SPAGHETTI & MEATBALLS IN ITALIAN GRAVY

Organic, Gluten & Dairy Free

EQUIPMENT: 5-quart stainless mixing bowl, Kitchen Machine food cutter, cutting board, chef’s knife, 13-inch French chef skillet and 13-inch gourmet chef skillet/paella pan, 8 quart stockpot, wooden spoon, 3 pc Pasta Pentola Set

PREPARATION TIME: 3 hours - Makes 12 -16 servings

MEATBALLS

  • 1 lbs. Organic Veal
  • 1 lbs. Organic Lean Ground Beef
  • 1 lbs. Organic Pork or Turkey
  • 1 cup Menchego goat cheese, grated #1 cutting cone
  • 1 ¼ cup wheat, gluten, soy & dairy free bread crumbs
  • 1 whole organic egg, or 2 egg whites
  • 5 gloves organic garlic, minced fine
  • 1 organic Spanish onion, chopped #2 cutting cone
  • ¼ cup olive oil
  • ½ cup ice water

In the 5 quart mixing bowl, combine the veal, beef, pork, cheese, bread crumbs, egg, garlic, onions, olive oil and ice water. Mix well and form into 1-inch meatballs.

In a hot, dry skillet over medium heat (induction 225°F to 275°F), dry sauté the meatballs, covered with the vent open, until brown on all sides, 15 to 20 minutes. Turn the meatballs as they release easily from the pan. Re-cover the pan after each turning. Alternative; bake in 375°F oven with lid off 35 – 45 minutes.

ITALIAN GRAVY

  • 1 large Spanish onion, chopped #2 cutting cone
  • 5 cloves garlic, minced
  • 2 tablespoons Italian seasoning
  • 1 8-ounce can organic gluten free tomato paste
  • 2 (28-ounce) cans organic gluten free tomato puree
  • 2 (28-ounce) cans organic gluten free whole peeled tomatoes
  • 6 cups water
  • 2 tablespoons organic sugar or 1 teaspoon Stevia in the raw
  • 1/3 cup sulfate free dry red wine, Chianti or other dry red wine
  • 1/2 cup Menchego goat cheese, grated #1 cutting cone
  • 4 to 6 fresh basil leaves, chopped

In a hot, dry stockpot over medium heat (induction 225°F to 275°F), dry sauté the onions and garlic until slightly browned, 3 to 5 minutes, stirring occasionally.
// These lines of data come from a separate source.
Lemma mub_deletion B z : B \subset A :\ a -> z \in min_upper_bounds S B -> z \in D.
Proof.
move=> sBA mz; rewrite inE; have [B0|BN0] := eqVneq B set0.
  by rewrite mub_set0 // -B0.
by apply/orP; right; rewrite inE; apply/existsP; exists B; rewrite BN0 sBA.
Qed.

Lemma deletionP z : z \in D -> z = z0 \/
  exists B, [/\ B != set0, B \subset A :\ a & z \in min_upper_bounds S B].
Proof.
rewrite inE => /orP[|]; first by rewrite minS => /set1P; left.
by rewrite inE => /existsP[B /and3P[BN0 sBA mz]]; right; exists B.
Qed.

Lemma deletion_sub : D \subset S.
Proof.
apply/subsetP => z /deletionP[->//|[B [_ _ /min_upper_boundsP[]//]]].
Qed.

Lemma minimals_deletion : minimals D = [set z0].
Proof.
apply: minimals_bottom; first by rewrite inE minS set11.
by move=> x /(subsetP deletion_sub); exact: bottom_le.
Qed.

Lemma restriction_sub : R \subset S.
Proof. by apply/subsetP => y; rewrite inE => /andP[]. Qed.

Lemma minimals_restriction : minimals R = [set a].
Proof.
apply: minimals_bottom; first by rewrite inE aS lexx.
by move=> x; rewrite inE => /andP[].
Qed.

Lemma atoms_le_deletion_eq0 y : y \in D ->
  ([set t in A :\ a | t <= y] == set0) = (y == z0).
Proof.
move=> yD; have [->|yz0] := eqVneq y z0.
  rewrite -subset0; apply/subsetP => t; rewrite inE => /andP[/setD1P[_ tA] tz0].
  by have [_ _ /lt_le_trans/(_ tz0)] := atomP minS tA; rewrite ltxx.
case: (deletionP yD) => [/eqP|[B [/set0Pn[t tB] sBA /min_upper_boundsP[_ uby _]]]].
  by rewrite (negPf yz0).
by apply/set0Pn; exists t; rewrite inE (subsetP sBA t tB) uby.
Qed.

Lemma exists_other_atom y : y \in S -> a < y -> exists2 b, b \in A :\ a & b <= y.
Proof.
move=> yS ay; have [m cov_am my] := exists_cover_above aS yS ay.
have mS : m \in S by case/and4P: cov_am.
have aL : a \in downset S m by rewrite inE aS; case/and4P: cov_am => _ _ /ltW.
have mL : m \in downset S m by rewrite inE mS lexx.
have := cov_am; rewrite -(covers_downset _ _ (lexx m)).
case/(proj2 (geoS mS) a m aL mL) => b bA [bNa /and4P[_ _ bm _]].
have bL : b \in downset S m by move: bA; rewrite inE => /andP[].
exists b; last exact: le_trans bm my.
rewrite in_setD1 -(atoms_downset bL) bA andbT.
by apply: contraNneq bNa => ->.
Qed.

Lemma atoms_le_restriction_eq0 y : y \in R ->
  ([set t in A :\ a | t <= y] == set0) = (y == a).
Proof.
rewrite inE => /andP[yS ay]; have [->|ya] := eqVneq y a.
  rewrite -subset0; apply/subsetP => t; rewrite inE => /andP[/setD1P[ta tA] tle].
  by rewrite (atom_le_eq aA tA tle) eqxx in ta.
have [b bA lby] : exists2 b, b \in A :\ a & b <= y.
  by apply: exists_other_atom yS _; rewrite lt_def ya.
by apply/set0Pn; exists b; rewrite inE bA.
Qed.

Lemma mobius_deletion x : x \in D -> mobius D z0 x = crosscut_sum (A :\ a) id S x.
Proof.
move=> xD; have sDS := subsetP deletion_sub.
have z0D : z0 \in D by rewrite inE minS set11.
apply: (mobius_unique z0D) => //; last first.
  exact (bottom_le minS (sDS x xD)).
move=> y yD _; rewrite (@sum_crosscut_sum S D _ _ z0 y geoS (sDS y yD)).
- by rewrite sum_subsets_sign_all atoms_le_deletion_eq0.
- by move=> B /subset_trans; apply; exact: atoms_setD1_sub.
- move=> B z sBA mz; rewrite (mub_deletion sBA mz) /=.
  by case/min_upper_boundsP: mz => zS _ _; exact (bottom_le minS zS).
Qed.

Lemma mobius_restriction x : x \in R ->
  mobius R a x = crosscut_sum (A :\ a) (setU [set a]) S x.
Proof.
have aR : a \in R by rewrite inE aS lexx.
move=> xR; apply: (mobius_unique aR) => //; last first.
  by move: xR; rewrite inE => /andP[].
move=> y yR _; have := yR; rewrite inE => /andP[yS ay].
rewrite (@sum_crosscut_sum S R _ _ a y geoS yS).
- rewrite -(atoms_le_restriction_eq0 yR) -sum_subsets_sign_all.
  apply: eq_bigr => C _; congr (if _ then _ else _).
  apply/forall_inP/forall_inP => leCy t; first by move=> tC; apply: leCy; rewrite setU1r.
  by case/setU1P=> [->|]; [exact: ay | exact: leCy].
- move=> C sCA; rewrite subUset sub1set aS.
  exact: subset_trans sCA atoms_setD1_sub.
- move=> C z _ /min_upper_boundsP[zS ubz _].
  by rewrite inE zS ubz ?setU11.
Qed.

Lemma crosscut_sum_split x : crosscut_sum A id S x =
  (crosscut_sum (A :\ a) id S x - crosscut_sum (A :\ a) (setU [set a]) S x)%R.
Proof.
rewrite /crosscut_sum (sum_subsets_split _ aA) -sumrN; congr (_ + _)%R.
apply: eq_bigr => C sCA; have aC : a \notin C by move: sCA; rewrite subsetD1 => /andP[].
by rewrite cardsU1 aC add1n exprS mulN1r; case: ifP; rewrite ?oppr0.
Qed.

Lemma bottom_notin_restriction : z0 \notin R.
Proof. by rewrite inE; apply/andP => -[_ /(lt_le_trans z0_lt_a)]; rewrite ltxx. Qed.

Lemma height_restriction_le y : y \in R -> (height R y <= (height S y).-1)%N.
Proof.
move=> yR; have [C [sCR yC chC leCy ->]] := height_chain yR.
have sCS := subset_trans sCR restriction_sub.
have yS := subsetP sCS y yC.
have z0C : z0 \notin C by apply: contra bottom_notin_restriction; exact: (subsetP sCR).
suff : (#|C| <= height S y)%N by move=> /(leq_sub2r 1); rewrite !subn1.
have := @height_ge S y (z0 |: C); rewrite cardsU1 z0C; apply.
- by rewrite subUset sub1set z0S.
- exact: setU1r.
- apply: chainU1 => // c /(subsetP sCS) /(bottom_le minS) /le_comparable.
  by rewrite comparable_sym.
- by move=> c /setU1P[->|/leCy //]; exact: (bottom_le minS yS).
Qed.

Lemma height_restriction_ge y : y \in R -> ((height S y).-1 <= height R y)%N.
Proof.
move=> yR; have [n] := ubnP (height S y).
elim: n y yR => // n IH y yR; rewrite ltnS => hyn.
have := yR; rewrite inE => /andP[yS ay].
have [->|ya] := eqVneq y a; first by have [_ -> _] := atomP minS aA.
have ltay : a < y by rewrite lt_def ya.
have [z az cov_zy] := exists_cover_below aS yS ltay.
have /and4P[zS _ ltzy _] := cov_zy.
have zR : z \in R by rewrite inE zS az.
have hSy := rankedS cov_zy; rewrite hSy in hyn *.
apply: leq_trans (leqSpred _) _.
exact: leq_ltn_trans (IH z zR hyn) (height_lt zR yR ltzy).
Qed.

Lemma height_restriction y : y \in R -> height R y = (height S y).-1.
Proof.
by move=> yR; apply/eqP; rewrite eqn_leq height_restriction_le ?height_restriction_ge.
Qed.

Lemma height_mub_deletion B y : B \subset A :\ a -> y \in min_upper_bounds S B ->
  (height S y <= height D y)%N.
Proof.
have [n] := ubnP #|B|; elim: n B y => // n IH B y; rewrite ltnS => cardB sBA my.
have [B0|[b bB]] := set_0Vmem B.
  by move: my; rewrite B0 => /mub_set0; rewrite minS => /set1P ->; rewrite height_bottom.
have sBS := subset_trans sBA atoms_setD1_sub.
have [yS uby miny] := min_upper_boundsP _ _ _ my.
have sB0B : B :\ b \subset B := subsetDl B [set b].
have sB0A := subset_trans sB0B sBA.
have [y0 my0 y0y] := mub_exists yS (fun t tB0 => uby t (subsetP sB0B t tB0)).
have [y0S uby0 _] := min_upper_boundsP _ _ _ my0.
have IH0 : (height S y0 <= height D y0)%N.
  by apply: IH sB0A my0; rewrite -ltnS (cardsD1 b B) bB in cardB.
have [by0|bNy0] := boolP (b <= y0).
  suff <- : y0 = y by [].
  apply: miny y0S _ y0y => t tB; have [->//|tb] := eqVneq t b.
  by apply: uby0; rewrite in_setD1 tb.
have [[joins _] _] := geoS yS.
have [j joinj] : exists j, is_join (downset S y) y0 b j.
  by apply: joins; rewrite inE ?y0S ?y0y ?(subsetP sBS b bB) ?uby.
have jy : j = y.
  have := mub_setU1_join geoS yS (subset_trans sB0A atoms_setD1_sub) my0 y0y joinj.
  rewrite setD1K // => mj; have /and4P[+ _ _ _] := joinj; rewrite inE => /andP[_ jy].
  exact: (mub_unique geoS yS sBS mj my jy (lexx y)).
have bA : b \in A by move: (subsetP sBA b bB); rewrite in_setD1 => /andP[].
have cov : covers S y0 y by rewrite -jy; exact: (covers_join_atom geoS yS y0S bA bNy0 joinj).
have /and4P[_ _ lty0y _] := cov; rewrite (rankedS cov).
exact: leq_ltn_trans IH0 (height_lt (mub_deletion sB0A my0) (mub_deletion sBA my) lty0y).
Qed.

Lemma height_deletion x : x \in D -> height D x = height S x.
Proof.
move=> xD; apply/eqP; rewrite eqn_leq height_subset ?deletion_sub //=.
case: (deletionP xD) => [->|[B [_ sBA mx]]]; first by rewrite height_bottom.
exact: height_mub_deletion mx.
Qed.

Lemma rank_deletion_le : (poset_rank D <= poset_rank S)%N.
Proof.
apply/bigmax_leqP => x xD; rewrite height_deletion //.
exact/height_le_rank/(subsetP deletion_sub).
Qed.

Lemma rank_restriction_le : (poset_rank R <= (poset_rank S).-1)%N.
Proof.
apply/bigmax_leqP => x xR; rewrite height_restriction // -!subn1 leq_sub2r //.
exact/height_le_rank/(subsetP restriction_sub).
Qed.

Section CharPoly.
Local Open Scope ring_scope.

Lemma char_poly_deletion : 'X^(poset_rank S - poset_rank D) * char_poly D =
  \sum_(x in S) (crosscut_sum (A :\ a) id S x)%:P * 'X^(poset_rank S - height S x).
Proof.
rewrite /char_poly (bottom_ofE minimals_deletion) mulr_sumr.
rewrite (sum_setD_eq0 deletion_sub); last first.
  move=> x /setDP[_ xND]; rewrite /crosscut_sum big1 ?mul0r // => B sBA.
  by case: ifP => // mx; case/negP: xND; exact: mub_deletion sBA mx.
apply: eq_bigr => x xD; rewrite mobius_deletion // height_deletion // mulrCA -exprD.
have := height_le_rank xD; rewrite height_deletion // => hx.
by congr (_ * 'X^_); have := rank_deletion_le; lia.
Qed.

Lemma char_poly_restriction :
  'X^((poset_rank S).-1 - poset_rank R) * char_poly R =
  \sum_(x in S) (crosscut_sum (A :\ a) (setU [set a]) S x)%:P *
                'X^(poset_rank S - height S x).
Proof.
rewrite /char_poly (bottom_ofE minimals_restriction) mulr_sumr.
rewrite (sum_setD_eq0 restriction_sub); last first.
  move=> x /setDP[xS xNR]; rewrite /crosscut_sum big1 ?mul0r // => C _.
  case: ifP => // /min_upper_boundsP[_ ubx _]; case/negP: xNR.
  by rewrite inE xS ubx ?setU11.
apply: eq_bigr => x xR; rewrite mobius_restriction // height_restriction // mulrCA -exprD.
have := height_le_rank xR; rewrite height_restriction // => hx.
have xS := subsetP restriction_sub x xR.
have hx_pos : (0 < height S x)%N.
  rewrite -(height_bottom minS) height_lt //; apply: lt_le_trans z0_lt_a _.
  by move: xR; rewrite inE => /andP[].
by congr (_ * 'X^_); have := rank_restriction_le; lia.
Qed.

Lemma char_poly_deletion_restriction : char_poly S =
  'X^(poset_rank S - poset_rank D) * char_poly D -
  'X^((poset_rank S).-1 - poset_rank R) * char_poly R.
Proof.
rewrite char_poly_deletion char_poly_restriction -sumrB /char_poly (bottom_ofE minS).
apply: eq_bigr => x xS.
by rewrite (mobius_crosscut minS geoS xS) crosscut_sum_split polyCB mulrBl.
Qed.

End CharPoly.

End DeletionRestriction.

Lemma char_poly_restriction_dvd S a : std_poset S -> locally_geometric S ->
  a \in atoms S -> poly_dvd (char_poly (restriction S a)) (char_poly (deletion S a)) ->
  poly_dvd (char_poly (restriction S a)) (char_poly S).
Proof.
case=> /eqP/cards1P[z0 minS] rankedS geoS aA [q Dq].
exists ('X^(poset_rank S - poset_rank (deletion S a)) * q
        - 'X^((poset_rank S).-1 - poset_rank (restriction S a)))%R.
by rewrite (char_poly_deletion_restriction minS rankedS geoS aA) Dq mulrBl mulrA.
Qed.

End FinitePoset.

Theorem proposition3p8 (disp : Order.disp_t) (T : finPOrderType disp) (S : {set T}) :
  inductive_poset S -> divisional_poset S.
Proof.
elim=> [S1 cardS1 | S' a stdS geoS aA _ _ _ divR dvdRD]; first exact: divisional_base.
exact: divisional_step stdS geoS aA divR (char_poly_restriction_dvd stdS geoS aA dvdRD).
Qed.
Stir in the Italian seasoning and allow it to release its flavor. Add the tomato paste and cook, stirring, until the paste turns reddish-brown in color, 3 to 5 minutes. Do not allow the residue that forms on the bottom of the pan to burn.

Add tomatoes, tomato puree, water and sugar or stevia. Stir, cover the pan, open the vent and deduce the heat to medium-low (induction 170°F to 190°F). Simmer, about 2 hours, stirring occasionally. Stir in the wine; cover the pan, open the vent and simmer, about 1 hour, stirring occasionally.

To serve; spoon sauce over rice pasta. Top with grated cheese and chopped fresh basil.